Recorded data
BEGIN

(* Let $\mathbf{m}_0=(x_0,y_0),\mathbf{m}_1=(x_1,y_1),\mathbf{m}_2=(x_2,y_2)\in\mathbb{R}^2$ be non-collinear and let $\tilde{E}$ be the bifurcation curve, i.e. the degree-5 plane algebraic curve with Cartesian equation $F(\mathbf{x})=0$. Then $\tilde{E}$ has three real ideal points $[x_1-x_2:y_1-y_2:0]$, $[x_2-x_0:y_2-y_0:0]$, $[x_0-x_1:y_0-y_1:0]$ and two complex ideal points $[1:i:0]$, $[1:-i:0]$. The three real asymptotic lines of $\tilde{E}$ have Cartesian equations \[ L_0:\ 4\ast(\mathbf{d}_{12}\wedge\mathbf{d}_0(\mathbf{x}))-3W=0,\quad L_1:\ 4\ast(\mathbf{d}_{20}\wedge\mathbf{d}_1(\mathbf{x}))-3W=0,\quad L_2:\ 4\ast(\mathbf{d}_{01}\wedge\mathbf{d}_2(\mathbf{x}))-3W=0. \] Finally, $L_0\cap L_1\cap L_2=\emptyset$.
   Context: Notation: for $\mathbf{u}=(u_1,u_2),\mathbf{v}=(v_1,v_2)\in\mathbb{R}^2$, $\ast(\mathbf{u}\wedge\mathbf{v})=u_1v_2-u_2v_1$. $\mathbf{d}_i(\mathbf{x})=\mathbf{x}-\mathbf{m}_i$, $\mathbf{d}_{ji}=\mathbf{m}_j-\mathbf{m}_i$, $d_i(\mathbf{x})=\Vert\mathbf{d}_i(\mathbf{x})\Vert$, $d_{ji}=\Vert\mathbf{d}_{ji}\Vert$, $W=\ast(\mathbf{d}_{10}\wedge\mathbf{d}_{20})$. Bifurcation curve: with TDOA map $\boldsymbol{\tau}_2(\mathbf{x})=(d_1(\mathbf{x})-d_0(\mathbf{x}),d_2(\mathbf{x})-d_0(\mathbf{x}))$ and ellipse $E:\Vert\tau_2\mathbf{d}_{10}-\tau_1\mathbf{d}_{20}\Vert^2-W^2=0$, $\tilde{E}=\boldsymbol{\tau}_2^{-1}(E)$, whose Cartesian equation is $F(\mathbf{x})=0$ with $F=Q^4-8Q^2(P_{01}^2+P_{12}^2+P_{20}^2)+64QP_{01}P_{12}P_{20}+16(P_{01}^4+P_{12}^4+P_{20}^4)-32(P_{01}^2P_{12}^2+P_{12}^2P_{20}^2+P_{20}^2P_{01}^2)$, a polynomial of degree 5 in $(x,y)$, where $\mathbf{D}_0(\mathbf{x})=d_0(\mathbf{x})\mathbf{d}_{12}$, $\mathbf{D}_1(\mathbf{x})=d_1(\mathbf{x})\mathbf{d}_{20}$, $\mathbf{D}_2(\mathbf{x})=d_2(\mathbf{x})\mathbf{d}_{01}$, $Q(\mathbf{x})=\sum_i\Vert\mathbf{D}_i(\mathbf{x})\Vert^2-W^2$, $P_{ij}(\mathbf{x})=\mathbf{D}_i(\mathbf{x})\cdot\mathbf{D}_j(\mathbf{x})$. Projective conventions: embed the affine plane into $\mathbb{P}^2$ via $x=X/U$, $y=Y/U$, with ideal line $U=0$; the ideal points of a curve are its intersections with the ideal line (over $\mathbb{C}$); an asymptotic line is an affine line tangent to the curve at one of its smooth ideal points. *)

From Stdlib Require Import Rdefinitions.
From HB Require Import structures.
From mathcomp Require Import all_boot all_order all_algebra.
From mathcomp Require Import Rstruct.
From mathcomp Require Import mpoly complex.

END
BEGIN

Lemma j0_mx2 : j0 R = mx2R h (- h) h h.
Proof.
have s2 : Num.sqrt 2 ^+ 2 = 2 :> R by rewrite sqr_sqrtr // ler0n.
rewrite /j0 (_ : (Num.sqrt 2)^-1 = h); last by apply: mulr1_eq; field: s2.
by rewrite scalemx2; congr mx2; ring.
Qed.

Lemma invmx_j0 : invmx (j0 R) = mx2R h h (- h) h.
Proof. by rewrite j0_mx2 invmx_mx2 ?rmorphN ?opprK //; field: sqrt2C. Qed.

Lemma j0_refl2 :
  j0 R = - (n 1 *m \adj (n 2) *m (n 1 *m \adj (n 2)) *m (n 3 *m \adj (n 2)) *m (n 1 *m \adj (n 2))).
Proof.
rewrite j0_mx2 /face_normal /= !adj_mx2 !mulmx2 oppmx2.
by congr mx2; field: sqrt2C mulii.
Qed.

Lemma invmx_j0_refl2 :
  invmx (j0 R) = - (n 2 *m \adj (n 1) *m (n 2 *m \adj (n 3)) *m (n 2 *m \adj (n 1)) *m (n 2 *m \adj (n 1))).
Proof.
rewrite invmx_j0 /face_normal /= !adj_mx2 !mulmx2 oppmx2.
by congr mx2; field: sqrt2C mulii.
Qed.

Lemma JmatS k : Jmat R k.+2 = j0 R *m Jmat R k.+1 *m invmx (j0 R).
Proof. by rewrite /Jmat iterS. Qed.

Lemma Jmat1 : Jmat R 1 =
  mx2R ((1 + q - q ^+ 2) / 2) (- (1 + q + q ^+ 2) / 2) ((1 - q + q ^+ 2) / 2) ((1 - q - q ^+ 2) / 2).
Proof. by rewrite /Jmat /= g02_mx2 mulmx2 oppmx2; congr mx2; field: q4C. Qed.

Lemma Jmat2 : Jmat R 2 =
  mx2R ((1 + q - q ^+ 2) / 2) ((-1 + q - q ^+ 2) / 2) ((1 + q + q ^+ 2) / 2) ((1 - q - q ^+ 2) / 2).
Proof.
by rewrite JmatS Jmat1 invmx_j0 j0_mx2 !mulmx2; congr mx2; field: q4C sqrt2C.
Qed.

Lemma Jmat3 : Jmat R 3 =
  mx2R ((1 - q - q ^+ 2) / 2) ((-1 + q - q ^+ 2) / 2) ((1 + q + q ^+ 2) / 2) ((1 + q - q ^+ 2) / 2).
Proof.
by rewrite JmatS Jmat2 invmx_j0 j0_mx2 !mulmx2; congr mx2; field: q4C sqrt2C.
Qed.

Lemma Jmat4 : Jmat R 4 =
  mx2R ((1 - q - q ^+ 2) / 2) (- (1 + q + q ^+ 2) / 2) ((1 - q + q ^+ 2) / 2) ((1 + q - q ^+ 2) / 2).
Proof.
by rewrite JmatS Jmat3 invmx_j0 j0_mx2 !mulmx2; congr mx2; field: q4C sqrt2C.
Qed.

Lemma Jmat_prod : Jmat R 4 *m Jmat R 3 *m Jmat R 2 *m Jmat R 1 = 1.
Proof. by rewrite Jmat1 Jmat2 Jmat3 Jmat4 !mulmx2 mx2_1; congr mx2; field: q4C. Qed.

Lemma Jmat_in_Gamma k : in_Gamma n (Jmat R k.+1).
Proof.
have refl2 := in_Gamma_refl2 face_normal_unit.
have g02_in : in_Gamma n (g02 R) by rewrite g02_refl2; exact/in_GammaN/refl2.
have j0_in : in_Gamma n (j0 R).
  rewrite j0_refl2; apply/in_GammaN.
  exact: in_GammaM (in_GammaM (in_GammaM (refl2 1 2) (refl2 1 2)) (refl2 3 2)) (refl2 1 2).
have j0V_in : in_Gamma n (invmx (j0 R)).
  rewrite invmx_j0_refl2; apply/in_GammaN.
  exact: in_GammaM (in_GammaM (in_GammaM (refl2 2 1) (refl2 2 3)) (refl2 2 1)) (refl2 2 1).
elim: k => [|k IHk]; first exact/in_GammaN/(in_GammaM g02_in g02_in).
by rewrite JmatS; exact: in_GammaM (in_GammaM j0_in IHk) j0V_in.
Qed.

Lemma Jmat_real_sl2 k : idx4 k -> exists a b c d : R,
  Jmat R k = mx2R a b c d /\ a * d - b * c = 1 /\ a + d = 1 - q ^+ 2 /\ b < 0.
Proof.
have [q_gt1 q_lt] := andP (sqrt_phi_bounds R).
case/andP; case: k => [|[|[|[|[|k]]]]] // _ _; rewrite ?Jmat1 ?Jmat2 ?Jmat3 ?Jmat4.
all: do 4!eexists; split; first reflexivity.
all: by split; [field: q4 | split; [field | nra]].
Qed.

END
BEGIN

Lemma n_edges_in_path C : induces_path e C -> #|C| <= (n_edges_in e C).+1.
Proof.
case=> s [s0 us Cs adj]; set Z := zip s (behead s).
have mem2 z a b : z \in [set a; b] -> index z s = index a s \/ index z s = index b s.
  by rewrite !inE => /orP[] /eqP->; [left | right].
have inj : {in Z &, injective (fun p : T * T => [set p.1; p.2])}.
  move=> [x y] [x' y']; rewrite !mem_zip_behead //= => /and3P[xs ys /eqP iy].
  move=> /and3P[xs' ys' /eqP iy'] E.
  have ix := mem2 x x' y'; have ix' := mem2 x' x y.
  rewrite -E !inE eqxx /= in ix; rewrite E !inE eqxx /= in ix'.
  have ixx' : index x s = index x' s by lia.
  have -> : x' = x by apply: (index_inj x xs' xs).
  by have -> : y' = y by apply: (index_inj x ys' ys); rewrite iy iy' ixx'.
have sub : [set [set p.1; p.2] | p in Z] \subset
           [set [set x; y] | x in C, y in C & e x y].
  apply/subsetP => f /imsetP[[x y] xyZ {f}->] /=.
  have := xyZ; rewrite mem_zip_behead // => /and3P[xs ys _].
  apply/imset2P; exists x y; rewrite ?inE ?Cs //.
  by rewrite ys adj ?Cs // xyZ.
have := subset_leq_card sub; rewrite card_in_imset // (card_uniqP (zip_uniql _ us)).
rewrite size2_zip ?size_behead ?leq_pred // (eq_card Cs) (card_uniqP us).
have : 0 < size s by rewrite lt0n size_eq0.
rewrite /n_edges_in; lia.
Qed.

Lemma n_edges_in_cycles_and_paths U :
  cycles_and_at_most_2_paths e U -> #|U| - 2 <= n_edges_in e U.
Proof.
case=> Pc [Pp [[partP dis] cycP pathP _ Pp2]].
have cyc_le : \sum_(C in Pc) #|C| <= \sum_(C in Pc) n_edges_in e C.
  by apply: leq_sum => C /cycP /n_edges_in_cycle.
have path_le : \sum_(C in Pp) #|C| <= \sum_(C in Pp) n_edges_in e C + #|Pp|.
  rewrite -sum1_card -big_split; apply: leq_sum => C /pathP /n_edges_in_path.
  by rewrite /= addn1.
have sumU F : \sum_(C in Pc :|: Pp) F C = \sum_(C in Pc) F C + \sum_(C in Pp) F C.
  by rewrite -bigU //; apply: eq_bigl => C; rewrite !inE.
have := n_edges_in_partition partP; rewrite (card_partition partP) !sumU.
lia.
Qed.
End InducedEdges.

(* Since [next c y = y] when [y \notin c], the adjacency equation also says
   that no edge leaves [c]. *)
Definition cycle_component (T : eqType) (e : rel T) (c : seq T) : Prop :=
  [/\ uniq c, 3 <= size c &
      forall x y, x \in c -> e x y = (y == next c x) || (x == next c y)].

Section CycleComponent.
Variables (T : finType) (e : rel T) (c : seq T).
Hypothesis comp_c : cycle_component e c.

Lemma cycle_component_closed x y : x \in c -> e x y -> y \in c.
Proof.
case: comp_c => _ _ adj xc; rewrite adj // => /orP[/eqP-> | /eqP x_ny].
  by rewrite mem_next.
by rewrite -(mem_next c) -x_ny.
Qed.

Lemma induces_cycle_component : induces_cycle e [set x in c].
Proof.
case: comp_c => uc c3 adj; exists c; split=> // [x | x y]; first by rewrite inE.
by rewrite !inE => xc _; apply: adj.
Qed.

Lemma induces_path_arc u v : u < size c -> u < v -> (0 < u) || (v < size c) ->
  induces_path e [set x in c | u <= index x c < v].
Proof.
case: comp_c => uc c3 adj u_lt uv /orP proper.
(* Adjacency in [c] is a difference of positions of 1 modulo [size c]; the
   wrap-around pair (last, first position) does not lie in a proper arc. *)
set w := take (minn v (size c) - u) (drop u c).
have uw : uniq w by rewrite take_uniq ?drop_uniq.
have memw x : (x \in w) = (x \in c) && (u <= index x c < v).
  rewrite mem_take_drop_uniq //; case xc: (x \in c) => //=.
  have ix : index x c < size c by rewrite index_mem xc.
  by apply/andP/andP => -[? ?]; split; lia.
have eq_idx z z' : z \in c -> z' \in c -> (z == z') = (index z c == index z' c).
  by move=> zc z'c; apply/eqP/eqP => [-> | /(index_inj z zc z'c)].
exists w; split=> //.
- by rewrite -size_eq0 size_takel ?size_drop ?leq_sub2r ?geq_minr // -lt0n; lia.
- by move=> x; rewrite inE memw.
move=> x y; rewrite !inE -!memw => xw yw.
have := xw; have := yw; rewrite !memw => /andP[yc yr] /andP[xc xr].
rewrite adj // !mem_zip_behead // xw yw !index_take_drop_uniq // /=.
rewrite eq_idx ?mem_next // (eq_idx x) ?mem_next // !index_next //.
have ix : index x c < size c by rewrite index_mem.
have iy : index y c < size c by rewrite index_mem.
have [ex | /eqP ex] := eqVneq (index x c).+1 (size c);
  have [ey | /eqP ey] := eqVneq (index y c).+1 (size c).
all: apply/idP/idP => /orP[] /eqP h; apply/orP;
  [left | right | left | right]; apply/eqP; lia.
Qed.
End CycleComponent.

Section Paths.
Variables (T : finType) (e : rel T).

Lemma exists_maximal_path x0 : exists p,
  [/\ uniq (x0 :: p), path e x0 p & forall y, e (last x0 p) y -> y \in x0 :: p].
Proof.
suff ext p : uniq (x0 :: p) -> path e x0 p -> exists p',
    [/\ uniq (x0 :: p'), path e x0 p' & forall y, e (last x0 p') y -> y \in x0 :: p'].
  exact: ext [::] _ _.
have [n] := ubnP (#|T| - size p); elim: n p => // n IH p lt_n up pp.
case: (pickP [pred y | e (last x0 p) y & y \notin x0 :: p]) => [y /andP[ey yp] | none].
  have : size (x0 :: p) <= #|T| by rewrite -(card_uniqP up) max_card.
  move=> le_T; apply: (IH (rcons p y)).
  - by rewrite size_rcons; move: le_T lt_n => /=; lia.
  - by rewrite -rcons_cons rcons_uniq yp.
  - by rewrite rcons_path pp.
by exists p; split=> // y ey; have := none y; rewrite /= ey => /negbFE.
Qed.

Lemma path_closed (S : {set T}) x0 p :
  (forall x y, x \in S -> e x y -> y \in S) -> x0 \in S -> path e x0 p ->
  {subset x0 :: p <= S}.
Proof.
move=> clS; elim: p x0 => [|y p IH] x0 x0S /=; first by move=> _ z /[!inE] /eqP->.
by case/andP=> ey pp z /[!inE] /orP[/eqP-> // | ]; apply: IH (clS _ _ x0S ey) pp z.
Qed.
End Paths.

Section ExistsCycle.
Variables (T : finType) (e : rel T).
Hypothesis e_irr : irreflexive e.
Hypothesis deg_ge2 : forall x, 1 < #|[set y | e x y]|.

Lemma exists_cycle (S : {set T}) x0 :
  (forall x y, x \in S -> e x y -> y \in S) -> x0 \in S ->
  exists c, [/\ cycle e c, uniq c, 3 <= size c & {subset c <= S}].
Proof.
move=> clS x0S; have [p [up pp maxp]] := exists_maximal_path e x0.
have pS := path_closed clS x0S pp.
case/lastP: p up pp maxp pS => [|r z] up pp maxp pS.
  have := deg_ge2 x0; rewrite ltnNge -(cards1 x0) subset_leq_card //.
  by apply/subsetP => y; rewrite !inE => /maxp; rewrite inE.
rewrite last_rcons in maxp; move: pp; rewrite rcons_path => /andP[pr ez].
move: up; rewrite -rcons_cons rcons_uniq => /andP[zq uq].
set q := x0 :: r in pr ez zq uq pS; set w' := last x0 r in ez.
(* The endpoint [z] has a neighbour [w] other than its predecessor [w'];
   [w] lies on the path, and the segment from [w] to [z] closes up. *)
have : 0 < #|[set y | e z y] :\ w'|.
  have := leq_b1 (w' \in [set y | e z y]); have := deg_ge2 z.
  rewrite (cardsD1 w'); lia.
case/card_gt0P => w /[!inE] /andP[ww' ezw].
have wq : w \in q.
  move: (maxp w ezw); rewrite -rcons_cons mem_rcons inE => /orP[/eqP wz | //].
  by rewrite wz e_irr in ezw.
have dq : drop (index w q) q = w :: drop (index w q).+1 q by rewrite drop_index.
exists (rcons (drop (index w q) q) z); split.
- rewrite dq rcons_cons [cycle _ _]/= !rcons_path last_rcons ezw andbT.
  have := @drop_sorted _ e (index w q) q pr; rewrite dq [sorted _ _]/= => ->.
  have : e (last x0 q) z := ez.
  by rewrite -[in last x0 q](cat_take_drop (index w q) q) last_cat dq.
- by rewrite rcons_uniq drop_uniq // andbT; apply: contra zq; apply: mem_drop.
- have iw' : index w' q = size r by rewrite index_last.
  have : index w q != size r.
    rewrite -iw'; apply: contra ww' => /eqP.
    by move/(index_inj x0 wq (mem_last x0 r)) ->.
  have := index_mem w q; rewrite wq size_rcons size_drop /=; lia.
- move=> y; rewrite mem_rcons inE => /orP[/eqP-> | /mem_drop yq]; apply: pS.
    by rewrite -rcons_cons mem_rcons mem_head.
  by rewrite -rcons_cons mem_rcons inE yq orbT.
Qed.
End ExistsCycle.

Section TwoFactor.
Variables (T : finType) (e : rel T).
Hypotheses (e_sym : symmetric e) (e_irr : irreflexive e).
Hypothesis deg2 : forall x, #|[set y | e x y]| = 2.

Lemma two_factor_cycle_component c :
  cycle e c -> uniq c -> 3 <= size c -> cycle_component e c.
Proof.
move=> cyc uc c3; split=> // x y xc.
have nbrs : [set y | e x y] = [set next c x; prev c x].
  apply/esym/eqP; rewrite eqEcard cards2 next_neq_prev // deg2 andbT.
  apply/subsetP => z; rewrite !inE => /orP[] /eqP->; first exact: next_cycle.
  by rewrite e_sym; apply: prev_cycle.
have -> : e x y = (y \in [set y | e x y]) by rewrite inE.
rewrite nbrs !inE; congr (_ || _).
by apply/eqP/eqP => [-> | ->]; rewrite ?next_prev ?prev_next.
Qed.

END

▶ **Task statement**
What lines above contain the word "Hypothesis"? Please copy each one.

▶ **Solution to this problem**
Hypothesis comp_c : cycle_component e c.
Hypothesis e_irr : irreflexive e.
Hypothesis deg_ge2 : forall x, 1 < #|[set y | e x y]|.
Hypothesis deg2 : forall x, #|[set y | e x y]| = 2.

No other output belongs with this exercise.